[Exercise] Only one number is expected here, namely how many lines of the entries below hold the string "TVar".

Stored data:

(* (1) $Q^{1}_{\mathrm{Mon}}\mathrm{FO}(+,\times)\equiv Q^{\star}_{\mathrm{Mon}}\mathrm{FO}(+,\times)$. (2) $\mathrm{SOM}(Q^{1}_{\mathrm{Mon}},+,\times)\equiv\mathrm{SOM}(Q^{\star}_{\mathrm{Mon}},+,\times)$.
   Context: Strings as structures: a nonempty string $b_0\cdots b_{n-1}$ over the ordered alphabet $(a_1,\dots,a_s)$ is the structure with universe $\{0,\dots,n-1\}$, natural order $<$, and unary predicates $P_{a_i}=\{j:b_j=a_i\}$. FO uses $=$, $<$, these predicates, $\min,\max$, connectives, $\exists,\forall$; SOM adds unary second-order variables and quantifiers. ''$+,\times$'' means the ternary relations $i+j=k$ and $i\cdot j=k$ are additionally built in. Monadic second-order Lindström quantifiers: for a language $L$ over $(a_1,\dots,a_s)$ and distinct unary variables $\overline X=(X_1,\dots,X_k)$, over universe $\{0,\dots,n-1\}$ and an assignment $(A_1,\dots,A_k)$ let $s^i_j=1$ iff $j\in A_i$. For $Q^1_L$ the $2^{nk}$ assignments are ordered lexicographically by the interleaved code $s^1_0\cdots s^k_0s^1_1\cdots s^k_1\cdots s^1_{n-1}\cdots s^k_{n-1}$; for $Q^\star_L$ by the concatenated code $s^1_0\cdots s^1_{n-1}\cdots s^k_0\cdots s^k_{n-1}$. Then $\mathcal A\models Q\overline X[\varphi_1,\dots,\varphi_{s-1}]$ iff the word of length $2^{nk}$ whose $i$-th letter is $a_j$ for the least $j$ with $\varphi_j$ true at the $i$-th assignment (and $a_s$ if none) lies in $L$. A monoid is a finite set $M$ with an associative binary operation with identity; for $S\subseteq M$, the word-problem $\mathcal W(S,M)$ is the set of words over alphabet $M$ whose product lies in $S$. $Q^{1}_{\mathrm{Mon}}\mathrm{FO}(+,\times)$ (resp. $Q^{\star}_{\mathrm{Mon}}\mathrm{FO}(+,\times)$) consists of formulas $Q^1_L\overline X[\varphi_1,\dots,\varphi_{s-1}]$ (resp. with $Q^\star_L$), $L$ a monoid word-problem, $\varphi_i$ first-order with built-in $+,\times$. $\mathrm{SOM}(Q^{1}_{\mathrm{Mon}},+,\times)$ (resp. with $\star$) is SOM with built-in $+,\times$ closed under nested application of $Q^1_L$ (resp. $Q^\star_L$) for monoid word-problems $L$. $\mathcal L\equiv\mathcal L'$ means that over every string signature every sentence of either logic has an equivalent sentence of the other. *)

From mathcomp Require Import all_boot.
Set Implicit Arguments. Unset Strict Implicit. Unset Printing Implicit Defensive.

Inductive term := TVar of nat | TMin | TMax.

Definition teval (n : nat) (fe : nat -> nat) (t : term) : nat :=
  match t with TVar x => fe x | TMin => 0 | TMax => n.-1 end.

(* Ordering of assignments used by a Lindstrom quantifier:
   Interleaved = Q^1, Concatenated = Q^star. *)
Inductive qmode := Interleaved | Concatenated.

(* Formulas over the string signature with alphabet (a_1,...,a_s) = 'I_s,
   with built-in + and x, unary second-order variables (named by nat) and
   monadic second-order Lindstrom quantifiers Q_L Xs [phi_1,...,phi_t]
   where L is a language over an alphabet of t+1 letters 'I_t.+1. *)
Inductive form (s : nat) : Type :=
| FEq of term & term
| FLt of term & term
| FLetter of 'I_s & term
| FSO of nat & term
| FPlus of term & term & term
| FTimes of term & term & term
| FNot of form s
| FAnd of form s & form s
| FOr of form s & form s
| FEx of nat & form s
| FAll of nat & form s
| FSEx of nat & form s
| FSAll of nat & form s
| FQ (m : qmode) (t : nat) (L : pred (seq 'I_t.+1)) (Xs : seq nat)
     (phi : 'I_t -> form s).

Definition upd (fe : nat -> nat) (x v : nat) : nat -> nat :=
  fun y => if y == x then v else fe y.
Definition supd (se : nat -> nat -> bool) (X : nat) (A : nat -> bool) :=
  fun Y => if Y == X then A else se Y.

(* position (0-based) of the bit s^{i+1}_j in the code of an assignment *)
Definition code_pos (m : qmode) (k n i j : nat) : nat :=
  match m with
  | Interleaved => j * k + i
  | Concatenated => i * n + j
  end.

==

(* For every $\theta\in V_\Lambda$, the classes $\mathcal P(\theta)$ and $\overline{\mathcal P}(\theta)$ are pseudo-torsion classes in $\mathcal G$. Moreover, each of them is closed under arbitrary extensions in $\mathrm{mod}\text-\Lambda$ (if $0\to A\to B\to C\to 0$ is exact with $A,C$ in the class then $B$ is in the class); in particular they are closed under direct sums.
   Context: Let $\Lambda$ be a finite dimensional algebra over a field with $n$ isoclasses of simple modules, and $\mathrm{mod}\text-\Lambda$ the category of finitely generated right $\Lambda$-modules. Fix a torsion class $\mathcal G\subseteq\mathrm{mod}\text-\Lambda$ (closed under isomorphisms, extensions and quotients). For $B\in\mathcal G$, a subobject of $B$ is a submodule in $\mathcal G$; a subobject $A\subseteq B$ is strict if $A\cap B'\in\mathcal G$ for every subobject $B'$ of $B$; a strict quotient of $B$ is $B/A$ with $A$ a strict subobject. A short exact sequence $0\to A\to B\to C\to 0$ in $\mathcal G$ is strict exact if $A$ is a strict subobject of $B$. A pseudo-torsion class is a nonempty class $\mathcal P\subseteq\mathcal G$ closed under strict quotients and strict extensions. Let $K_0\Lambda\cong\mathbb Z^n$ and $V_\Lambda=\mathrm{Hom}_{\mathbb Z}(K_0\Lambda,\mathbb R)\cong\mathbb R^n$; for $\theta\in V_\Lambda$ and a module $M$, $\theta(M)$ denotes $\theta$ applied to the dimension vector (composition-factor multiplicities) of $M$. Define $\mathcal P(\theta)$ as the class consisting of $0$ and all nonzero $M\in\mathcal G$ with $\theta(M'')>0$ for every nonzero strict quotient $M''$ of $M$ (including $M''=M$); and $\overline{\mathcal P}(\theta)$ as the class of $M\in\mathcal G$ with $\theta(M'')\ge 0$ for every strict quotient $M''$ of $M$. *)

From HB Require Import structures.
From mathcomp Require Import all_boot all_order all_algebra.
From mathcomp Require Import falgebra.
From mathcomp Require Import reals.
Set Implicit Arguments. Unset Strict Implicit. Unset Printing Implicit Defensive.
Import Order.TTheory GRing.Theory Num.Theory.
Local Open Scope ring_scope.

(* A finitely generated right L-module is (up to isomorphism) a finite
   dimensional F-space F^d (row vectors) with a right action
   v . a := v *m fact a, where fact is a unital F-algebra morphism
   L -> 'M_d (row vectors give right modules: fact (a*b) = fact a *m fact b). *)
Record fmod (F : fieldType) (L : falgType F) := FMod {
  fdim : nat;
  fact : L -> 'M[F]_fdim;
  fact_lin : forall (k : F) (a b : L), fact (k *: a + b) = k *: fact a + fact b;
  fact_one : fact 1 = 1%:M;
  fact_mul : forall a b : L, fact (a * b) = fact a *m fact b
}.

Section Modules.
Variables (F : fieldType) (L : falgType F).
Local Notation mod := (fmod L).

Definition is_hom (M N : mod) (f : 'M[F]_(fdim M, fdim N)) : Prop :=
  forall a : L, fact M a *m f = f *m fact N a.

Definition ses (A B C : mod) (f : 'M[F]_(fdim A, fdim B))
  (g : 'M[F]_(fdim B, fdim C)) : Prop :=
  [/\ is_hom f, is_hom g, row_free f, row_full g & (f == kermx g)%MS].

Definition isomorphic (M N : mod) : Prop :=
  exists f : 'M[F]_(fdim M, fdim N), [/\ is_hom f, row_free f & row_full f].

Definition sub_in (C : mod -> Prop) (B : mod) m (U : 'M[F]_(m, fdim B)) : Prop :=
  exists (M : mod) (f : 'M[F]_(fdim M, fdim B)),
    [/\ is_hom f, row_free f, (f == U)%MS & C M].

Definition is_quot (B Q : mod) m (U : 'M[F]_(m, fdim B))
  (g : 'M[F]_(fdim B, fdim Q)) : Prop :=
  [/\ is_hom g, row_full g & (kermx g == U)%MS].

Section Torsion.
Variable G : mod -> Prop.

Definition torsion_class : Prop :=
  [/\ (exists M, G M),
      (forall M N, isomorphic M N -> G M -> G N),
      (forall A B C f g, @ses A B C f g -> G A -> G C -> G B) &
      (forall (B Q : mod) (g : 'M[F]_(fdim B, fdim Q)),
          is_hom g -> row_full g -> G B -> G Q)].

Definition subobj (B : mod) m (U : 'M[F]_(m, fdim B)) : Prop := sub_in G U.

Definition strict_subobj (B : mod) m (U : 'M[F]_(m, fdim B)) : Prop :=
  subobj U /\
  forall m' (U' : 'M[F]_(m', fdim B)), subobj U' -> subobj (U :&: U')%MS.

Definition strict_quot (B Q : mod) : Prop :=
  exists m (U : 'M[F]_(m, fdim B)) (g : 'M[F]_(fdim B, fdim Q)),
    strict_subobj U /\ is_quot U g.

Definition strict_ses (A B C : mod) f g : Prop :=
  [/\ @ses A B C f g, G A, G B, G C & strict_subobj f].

[Solution for this task] 2